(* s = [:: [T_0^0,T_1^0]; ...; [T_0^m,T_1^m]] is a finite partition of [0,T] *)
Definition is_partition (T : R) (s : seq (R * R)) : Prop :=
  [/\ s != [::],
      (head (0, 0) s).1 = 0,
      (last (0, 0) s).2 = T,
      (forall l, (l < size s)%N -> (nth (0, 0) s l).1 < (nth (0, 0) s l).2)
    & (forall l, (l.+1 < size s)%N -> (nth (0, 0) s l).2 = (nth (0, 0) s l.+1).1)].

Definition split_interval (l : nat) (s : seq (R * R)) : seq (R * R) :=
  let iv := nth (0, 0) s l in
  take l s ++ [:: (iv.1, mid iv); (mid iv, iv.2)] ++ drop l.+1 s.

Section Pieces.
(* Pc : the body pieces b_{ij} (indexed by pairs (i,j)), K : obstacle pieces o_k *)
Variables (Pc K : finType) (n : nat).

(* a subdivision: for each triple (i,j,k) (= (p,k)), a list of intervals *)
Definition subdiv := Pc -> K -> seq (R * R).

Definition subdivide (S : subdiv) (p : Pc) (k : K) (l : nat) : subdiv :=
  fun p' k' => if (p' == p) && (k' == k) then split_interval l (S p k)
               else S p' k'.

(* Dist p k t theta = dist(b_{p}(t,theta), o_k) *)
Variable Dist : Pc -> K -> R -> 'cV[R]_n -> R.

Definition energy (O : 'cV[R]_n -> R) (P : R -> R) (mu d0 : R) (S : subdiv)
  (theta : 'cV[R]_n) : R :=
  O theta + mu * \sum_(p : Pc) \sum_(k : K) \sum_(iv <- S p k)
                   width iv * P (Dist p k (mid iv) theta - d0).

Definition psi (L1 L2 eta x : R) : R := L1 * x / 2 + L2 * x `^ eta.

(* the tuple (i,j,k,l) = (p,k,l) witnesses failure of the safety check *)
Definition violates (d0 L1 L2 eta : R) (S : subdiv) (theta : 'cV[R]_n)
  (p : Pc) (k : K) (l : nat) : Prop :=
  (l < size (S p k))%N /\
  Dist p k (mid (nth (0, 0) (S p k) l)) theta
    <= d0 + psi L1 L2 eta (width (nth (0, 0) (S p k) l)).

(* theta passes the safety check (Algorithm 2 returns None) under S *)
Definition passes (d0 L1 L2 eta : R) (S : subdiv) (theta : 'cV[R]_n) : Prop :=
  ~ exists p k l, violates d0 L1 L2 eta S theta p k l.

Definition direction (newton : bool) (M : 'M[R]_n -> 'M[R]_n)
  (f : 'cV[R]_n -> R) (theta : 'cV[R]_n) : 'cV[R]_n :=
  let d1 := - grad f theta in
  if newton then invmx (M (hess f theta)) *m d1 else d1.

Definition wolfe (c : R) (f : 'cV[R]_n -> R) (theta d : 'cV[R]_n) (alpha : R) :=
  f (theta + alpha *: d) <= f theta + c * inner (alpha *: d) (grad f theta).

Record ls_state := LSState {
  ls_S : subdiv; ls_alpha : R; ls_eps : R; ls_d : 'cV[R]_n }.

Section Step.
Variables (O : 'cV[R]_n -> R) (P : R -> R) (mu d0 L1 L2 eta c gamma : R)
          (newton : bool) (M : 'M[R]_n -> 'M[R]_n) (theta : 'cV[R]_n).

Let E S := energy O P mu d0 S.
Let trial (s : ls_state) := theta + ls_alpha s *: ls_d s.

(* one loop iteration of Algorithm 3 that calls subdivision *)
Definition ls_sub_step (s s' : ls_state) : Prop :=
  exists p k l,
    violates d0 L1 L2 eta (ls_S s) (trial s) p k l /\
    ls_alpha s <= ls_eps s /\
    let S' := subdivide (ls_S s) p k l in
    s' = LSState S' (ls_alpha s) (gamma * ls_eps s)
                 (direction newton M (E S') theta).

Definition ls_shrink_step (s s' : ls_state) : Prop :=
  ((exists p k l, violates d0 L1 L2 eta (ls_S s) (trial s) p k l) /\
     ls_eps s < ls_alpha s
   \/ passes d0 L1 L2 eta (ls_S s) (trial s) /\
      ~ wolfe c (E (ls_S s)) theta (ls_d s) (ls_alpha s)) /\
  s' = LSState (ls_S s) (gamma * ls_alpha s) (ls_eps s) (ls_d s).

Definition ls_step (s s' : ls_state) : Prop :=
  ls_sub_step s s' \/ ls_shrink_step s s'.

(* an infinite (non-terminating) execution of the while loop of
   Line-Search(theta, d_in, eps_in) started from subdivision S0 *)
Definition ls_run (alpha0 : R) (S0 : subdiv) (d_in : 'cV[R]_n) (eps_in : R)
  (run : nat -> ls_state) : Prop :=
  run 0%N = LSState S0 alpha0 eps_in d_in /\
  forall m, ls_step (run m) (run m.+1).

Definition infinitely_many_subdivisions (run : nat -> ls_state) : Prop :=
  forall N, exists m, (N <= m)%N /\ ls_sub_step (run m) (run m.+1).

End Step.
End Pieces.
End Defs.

▸ What to produce
Look over the material and return every line where the word "Prop" is found.

▸ Result of this exercise
Definition is_partition (T : R) (s : seq (R * R)) : Prop :=
  (p : Pc) (k : K) (l : nat) : Prop :=
Definition passes (d0 L1 L2 eta : R) (S : subdiv) (theta : 'cV[R]_n) : Prop :=
Definition ls_sub_step (s s' : ls_state) : Prop :=
Definition ls_shrink_step (s s' : ls_state) : Prop :=
Definition ls_step (s s' : ls_state) : Prop :=
  (run : nat -> ls_state) : Prop :=
Definition infinitely_many_subdivisions (run : nat -> ls_state) : Prop :=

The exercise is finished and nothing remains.